How China distorts its minorities through propaganda

“Tibet has lost its voice,” says the Tibetan poet and activist Tsering Woeser, referring to the years since China invaded Tibet in 1950. “Artists do not have the freedom to show their real minds. In Tibet, ideology is so strict that space for publishing works is very limited. For self protection, artists and intellectuals are forced to be dumb.”

The Communist government of the People’s Republic of China announced that it would use propaganda films to publicise its ethnic minority groups – shooting one movie for each of the country’s 55 ethnicities. Their aim is to promote China as a multicultural, multiethnic country.

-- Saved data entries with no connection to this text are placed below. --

Lemma maxon_attained P d j0 : P j0 -> exists2 j, P j & maxon P d = d j.
Proof.
move=> Pj0; pose a j := if P j then Some (0 : R) else None.
have [M aM] : exists M, rowmax a d = Some M.
  by apply: (@rowmax_Some _ _ j0 0); rewrite /a Pj0.
have [j] : exists j, rowmax a d = addo (a j) (d j) by apply: rowmax_attained; rewrite aM.
rewrite /maxon -/a aM /a; case Pj: (P j) => //= -[->].
by exists j; rewrite ?add0r.
Qed.

Lemma maxon_eq P d v : (forall j, P j -> d j <= v) -> (exists2 j, P j & d j = v) ->
  maxon P d = v.
Proof.
move=> le_v [j Pj vE]; subst v; have [j' Pj' e] := maxon_attained d Pj.
by apply/le_anti; rewrite e le_v //= -e maxon_ub.
Qed.

Lemma eq_maxon P d e : d =1 e -> maxon P d = maxon P e.
Proof. by move=> de; rewrite /maxon /rowmax; under eq_bigr do rewrite de. Qed.

Lemma maxon_comp P (phi : R -> R) d : {homo phi : u v / u <= v} ->
  (exists j, P j) -> maxon P (phi \o d) = phi (maxon P d).
Proof.
move=> phi_mono [j0 Pj0]; have [j Pj e] := maxon_attained d Pj0.
apply: maxon_eq => [i Pi|]; last by exists j => //; rewrite e.
exact/phi_mono/maxon_ub.
Qed.

End RowMax.

Section TangentCone.
Variables (R : realType) (n p m : nat).
Variables (S : 'I_p -> pred 'I_n) (T2 T3 : 'I_m -> 'I_n -> bool).
Variables (a : 'I_p -> R) (b : 'I_n -> R).
Implicit Types (d e : 'I_n -> R) (J : {set 'I_n}).

Definition chi J j : R := (j \in J)%:R.

Definition tangent_obj d := \sum_k a k * maxon (S k) d - \sum_j b j * d j.

Definition tangent_feasible d := forall i j, T2 i j -> exists2 j', T3 i j' & d j <= d j'.

Lemma tangent_feasible_mono d e : (forall j j', d j <= d j' -> e j <= e j') ->
  tangent_feasible d -> tangent_feasible e.
Proof. by move=> de fd i j /fd[j' ? ?]; exists j'; last exact: de. Qed.

Lemma tangent_feasible_superlevel d t : tangent_feasible d ->
  tangent_feasible (chi [set j | t <= d j]).
Proof.
apply: tangent_feasible_mono => j j' le_jj'; rewrite /chi !inE ler_nat.
by case: (leP t (d j)) => // /le_trans->.
Qed.

Lemma eq_tangent_obj d e : d =1 e -> tangent_obj d = tangent_obj e.
Proof.
move=> de; congr (_ - _); apply: eq_bigr => i _; first by rewrite (eq_maxon _ de).
by rewrite de.
Qed.

Hypothesis S_nonempty : forall k, exists j, S k j.
Hypothesis weights_balanced : \sum_k a k = \sum_j b j.

Lemma tangent_obj_comp (phi : R -> R) d : {homo phi : u v / u <= v} ->
  tangent_obj (phi \o d) = \sum_k a k * phi (maxon (S k) d) - \sum_j b j * phi (d j).
Proof. by move=> phi_mono; rewrite /tangent_obj; under eq_bigr do rewrite maxon_comp //.
Qed.

Lemma tangent_obj_const c : tangent_obj (fun _ => c) = 0.
Proof.
rewrite -[fun _ => c]/((fun _ => c) \o (fun _ : 'I_n => c)) tangent_obj_comp //.
by rewrite -!mulr_suml weights_balanced subrr.
Qed.

Lemma tangent_obj_eq0 d : (forall j j', d j = d j') -> tangent_obj d = 0.
Proof.
move=> dc; have [j0 _|none] := pickP (@predT 'I_n).
  by rewrite (eq_tangent_obj (e := fun _ => d j0)) ?tangent_obj_const.
by rewrite (eq_tangent_obj (e := fun _ => 0)) ?tangent_obj_const // => j; have := none j.
Qed.

Lemma tangent_objZ c d : 0 <= c -> tangent_obj (fun j => c * d j) = c * tangent_obj d.
Proof.
move=> c_ge0; rewrite -[fun j => _]/(( *%R c) \o d) tangent_obj_comp; last first.
  by move=> u v; exact: ler_wpM2l.
by rewrite mulrBr !mulr_sumr; congr (_ - _); apply: eq_bigr => i _; rewrite mulrCA.
Qed.

(** Both summands are nondecreasing functions of [d], so their maxima over
    any set add up as well. *)
Lemma tangent_obj_split t d : tangent_obj d =
  tangent_obj (fun j => Num.min (d j) t) + tangent_obj (fun j => Num.max (d j) t - t).
Proof.
rewrite -[fun j => Num.min _ _]/((Num.min^~ t) \o d).
rewrite -[fun j => Num.max _ _ - _]/((fun u => Num.max u t - t) \o d).
rewrite !tangent_obj_comp => [|u v uv|u v uv]; last 2 first.
- by rewrite lerD2r le_max2.
- by rewrite le_min2.
rewrite addrACA -opprD -!big_split /=.
by congr (_ - _); apply: eq_bigr => i _; rewrite -mulrDr addrA addr_min_max addrK.
Qed.

Definition nonmax d : {set 'I_n} := [set j | [exists j', d j < d j']].

Lemma nonmax_min_proper d j0 : j0 \in nonmax d ->
  nonmax (fun j => Num.min (d j) (d j0)) \proper nonmax d.
Proof.
rewrite !inE => /existsP[j1 lt01]; apply/properP; split.
  apply/subsetP => j; rewrite !inE => /existsP[j' ltj'].
  apply/existsP; exists j1; apply: le_lt_trans lt01.
  by move: ltj'; rewrite lt_min => /andP[_]; rewrite gt_min ltxx orbF => /ltW.
exists j0; first by rewrite inE; apply/existsP; exists j1.
by rewrite inE negb_exists; apply/forallP => j; rewrite minxx -leNgt ge_min lexx orbT.
Qed.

There is a vast gap between how the Chinese Communist Party represents minorities and how they represent themselves. They are commonly depicted in government-produced media as harmless entertainers. The dominant Han Chinese government needs to control restive minorities, who occasionally riot against the government. They present propaganda in the guise of art.

Song and dance

Woeser published a book that describesTibet as a “giant prison”. Her works are banned in mainland China, and her freedom of movement is restricted.

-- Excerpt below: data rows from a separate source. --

End Density.

Section Stieltjes.

Variable g : R -> R.
Hypothesis g_continuous : forall z, continuous g z.
Hypothesis g_ge0 : forall z, -1 <= z <= 1 -> 0 <= g z.

Definition stieltjes (s : R) : R := RInt (fun z => g z / (s - z)) (-1) 1.

Lemma ex_RInt_stieltjes s a b : 1 < s -> a <= 1 -> b <= 1 ->
  ex_RInt (fun z => g z / (s - z)) a b.
Proof.
  intros Hs Ha Hb. apply ex_RInt_of_continuous. intros z Hz.
  assert (Hzs : z < s) by (assert (Rmax a b <= 1) by (apply Rmax_lub; lra); lra).
  apply (@continuous_mult R_UniformSpace R_AbsRing g (fun z => / (s - z))); [apply g_continuous|].
  apply continuous_of_ex_derive. auto_derive. lra.
Qed.

Lemma ex_RInt_g a b : ex_RInt g a b.
Proof. apply ex_RInt_of_continuous. intros; apply g_continuous. Qed.

Lemma RInt_g_ge0 : 0 <= RInt g (-1) 1.
Proof. apply RInt_ge_0; [lra | apply ex_RInt_g | intros; apply g_ge0; lra]. Qed.

Lemma stieltjes_sub s s' : 1 < s -> 1 < s' ->
  stieltjes s - stieltjes s' =
  RInt (fun z => g z * ((s' - s) / ((s - z) * (s' - z)))) (-1) 1.
Proof.
  intros Hs Hs'. unfold stieltjes.
  rewrite <- (RInt_minus (fun z => g z / (s - z)) (fun z => g z / (s' - z)))
    by (apply ex_RInt_stieltjes; lra).
  apply RInt_ext. intros z Hz. rewrite Rmin_left, Rmax_right in Hz by lra.
  unfold minus, plus, opp; simpl. field. lra.
Qed.

Lemma ex_RInt_stieltjes_sub s s' : 1 < s -> 1 < s' ->
  ex_RInt (fun z => g z * ((s' - s) / ((s - z) * (s' - z)))) (-1) 1.
Proof.
  intros Hs Hs'. apply ex_RInt_of_continuous. intros z Hz.
  rewrite Rmin_left, Rmax_right in Hz by lra.
  apply (@continuous_mult R_UniformSpace R_AbsRing g); [apply g_continuous|].
  apply continuous_of_ex_derive. auto_derive.
  apply Rmult_integral_contrapositive. lra.
Qed.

The Chinese government won’t give Tibetans control over their own narrative. Instead, the art that is allowed must depict the region as a touristic paradise.

The ethnic minority artists largely avoid contemporary, more realistic depictions of their homelands.

Zang Xiaowei, a professor of Chinese studies at the University of Sheffield, says that mass media depictions of ethnic minorities are carefully curated to bolster the Communist Party’s “mandate [and] legitimacy to govern China”, a vast land of disparate cultures.

The Communist Party portrays the ethnic groups as under-developed in order to justify its own actions toward them. In Tibet, for example, the government claims that Chinese rule has broken down a barbaric feudal system and brought important everyday benefits and infrastructure to the people, from roads to education. The propaganda also celebrates Tibet’s cultural roots, such as folk dancing or singing – much of which, ironically, has been eroded by top-down development.

Getting real

In Chinese state media, Uyghurs are also stereotyped. They are often labelled as either terrorists or as a people who are too busy singing and dancing to cause issues.

For Uyghur hip-hop band Six City, however, music is less about politics and more about rejecting stereotypes. “If you’re from the Uyghur minority, you need to play Uyghur folk music. They don’t care that we can play hip-hop or pop,” says one Six City band member. His bandmate adds: “it’s like being clowns.”

Musicians in Six City want their voice to show the world what they are really like. “The whole world thinks we’ve disappeared, that we’re extinct. What’s the most important thing for Uyghur people now? It’s not development. The most important thing is that people know who we are.”